Ask yourself why you want to grow barley and if it is suitable for the intended end use. Is it for home consumption or to be sold? Are there any contracts available? Does your intended use require specialised machinery, such as a combine harvester or silage harvester? If yes, do you have access to this equipment?

Consider paddock selection. To grow a high-yielding barley crop, machinery is necessary so will the topography allow this? A flat, well-drained cropping paddock is ideal. Make sure you take a soil test to come up with a fertiliser and lime plan, remembering barley does not like soils that are too acidic, so aim for pH of 6.0 to 6.5. Remember agricultural lime takes six months to break down and have the desired effect on pH.

Barley hates compaction so if you have compaction or pan issues make sure you deep rip, or at least cultivate to the desired depth before creating your seedbed. This is why direct drilling generally does not provide as a higher-yielding crop as cultivating to create a firm fine seedbed.

Select a variety fit for the purpose and time of drilling. Take advice on an appropriate seed rate for the time of year. Too many seeds and the crop will be too thick, making it prone to disease and falling over. Too thin, and the crop will not yield and allows room for weeds to establish.

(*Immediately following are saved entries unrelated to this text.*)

(* Let $E_1|H_1$, $E_2|H_2$, $E_3|H_3$ be conditional events such that $\{E_1|H_1,E_2|H_2\}$ is p-consistent. Then $\{E_1|H_1,E_2|H_2\}$ p-entails $E_3|H_3$ if and only if $(E_3|H_3)\,|\,\big((E_1|H_1)\wedge(E_2|H_2)\big)=1$. *)

From HB Require Import structures.
From mathcomp Require Import all_boot all_order all_algebra.
Set Implicit Arguments. Unset Strict Implicit. Unset Printing Implicit Defensive.
Import Order.TTheory GRing.Theory Num.Theory.
Local Open Scope ring_scope.

(* Coherence (betting scheme) of a prevision assessment [mu] on a finite
   family, indexed by the elements of [D], of conditional random quantities
   X_i | K_i (values X i w on the constituents w of K i).  For every vector of
   stakes s, the random gain G = sum_i s_i K_i (X_i - mu_i), restricted to the
   disjunction of the conditioning events of the quantities actually bet on,
   must have min <= 0 <= max.  (Quantifying over the support of s is the same
   as quantifying over all subfamilies.)  Conditioning events are nonempty. *)
Definition coherent (R : realFieldType) (I T : finType) (D : {set I})
  (X : I -> T -> R) (K : I -> {set T}) (mu : I -> R) : Prop :=
  (forall i, i \in D -> K i != set0) /\
  forall s : I -> R,
    let Hs := \bigcup_(i in D | s i != 0) K i in
    let G := fun w => \sum_(i in D) s i * ((w \in K i)%:R * (X i w - mu i)) in
    Hs != set0 ->
    (exists2 w, w \in Hs & G w <= 0) /\ (exists2 w, w \in Hs & 0 <= G w).

(* Three conditional events E i | H i, i : 'I_3 (index 0,1,2 = paper's 1,2,3).
   p S is the prevision of the conjunction C_S of the conditional events in S
   (for S = [set i], p S = P(E i | H i)). *)
Definition conjv (R : nzRingType) (T : finType) (E H : 'I_3 -> {set T})
  (p : {set 'I_3} -> R) (S : {set 'I_3}) (w : T) : R :=
  if [exists i in S, (w \in H i) && (w \notin E i)] then 0
  else if [set i in S | w \notin H i] == set0 then 1
  else p [set i in S | w \notin H i].

Definition conjcond (T : finType) (H : 'I_3 -> {set T}) (S : {set 'I_3}) : {set T} :=
  \bigcup_(i in S) H i.

Definition F12 : {set 'I_3} := [set i | i != ord_max].

Definition ce_coherent (R : realFieldType) (T : finType) (E H : 'I_3 -> {set T})
  (F : {set 'I_3}) (p : {set 'I_3} -> R) : Prop :=
  coherent [set [set i] | i in F] (conjv E H p) (conjcond H) p.

Definition p_consistent (R : realFieldType) (T : finType) (E H : 'I_3 -> {set T})
  (F : {set 'I_3}) : Prop :=
  ce_coherent E H F (fun _ => 1 : R).

Definition p_entails (R : realFieldType) (T : finType) (E H : 'I_3 -> {set T})
  (F : {set 'I_3}) (j : 'I_3) : Prop :=
  p_consistent R E H F /\
  forall p : {set 'I_3} -> R, ce_coherent E H (j |: F) p ->
    (forall i, i \in F -> p [set i] = 1) -> p [set j] = 1.

(* Full assessment for the iterated conditional (E3|H3)|((E1|H1)/\(E2|H2)):
   a (Some S) = prevision of the conjunction C_S (S nonempty),
   a None     = mu = prevision of the iterated conditional. *)
Definition iterv (R : nzRingType) (T : finType) (E H : 'I_3 -> {set T})
  (a : option {set 'I_3} -> R) (w : T) : R :=
  conjv E H (fun S => a (Some S)) setT w
  + a None * (1 - conjv E H (fun S => a (Some S)) F12 w).

Definition itfam_val (R : nzRingType) (T : finType) (E H : 'I_3 -> {set T})
  (a : option {set 'I_3} -> R) (o : option {set 'I_3}) (w : T) : R :=
  match o with
  | Some S0 => conjv E H (fun S => a (Some S)) S0 w
  | None => iterv E H a w
  end.

(* conditioning events; the bet on the iterated conditional is called off
   where the conditioning conjunction C12 has value 0 (there the iterated
   conditional is equal to its prevision mu). *)
Definition itfam_cond (R : nzRingType) (T : finType) (E H : 'I_3 -> {set T})
  (a : option {set 'I_3} -> R) (o : option {set 'I_3}) : {set T} :=
  match o with
  | Some S0 => conjcond H S0
  | None => [set w in conjcond H setT | conjv E H (fun S => a (Some S)) F12 w != 0]
  end.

I would never plant a crop of barley without an appropriate fungicidal seed coating and insecticide and my advice to you is the same. The fungicide coating helps protect from soil and seed-borne diseases, maximising the rate of establishment and survival of the seedlings. The insecticide helps protect from pests that either eat the crop or spread the virus Barley Yellow Dwarf Virus (BYDV) which can rob crops of over 30 percent of the yield.

With spring-planted barley there is less requirement for a pre-emergent herbicide but apply early post-emergence as the weeds grow quickly.

Nitrogen application, foliar insecticides for aphid control and fungicide sprays contribute to producing a high-yielding barley crop. Their timing is critical, so seek the advice of your local PGG Wrightson Technical Field Representative.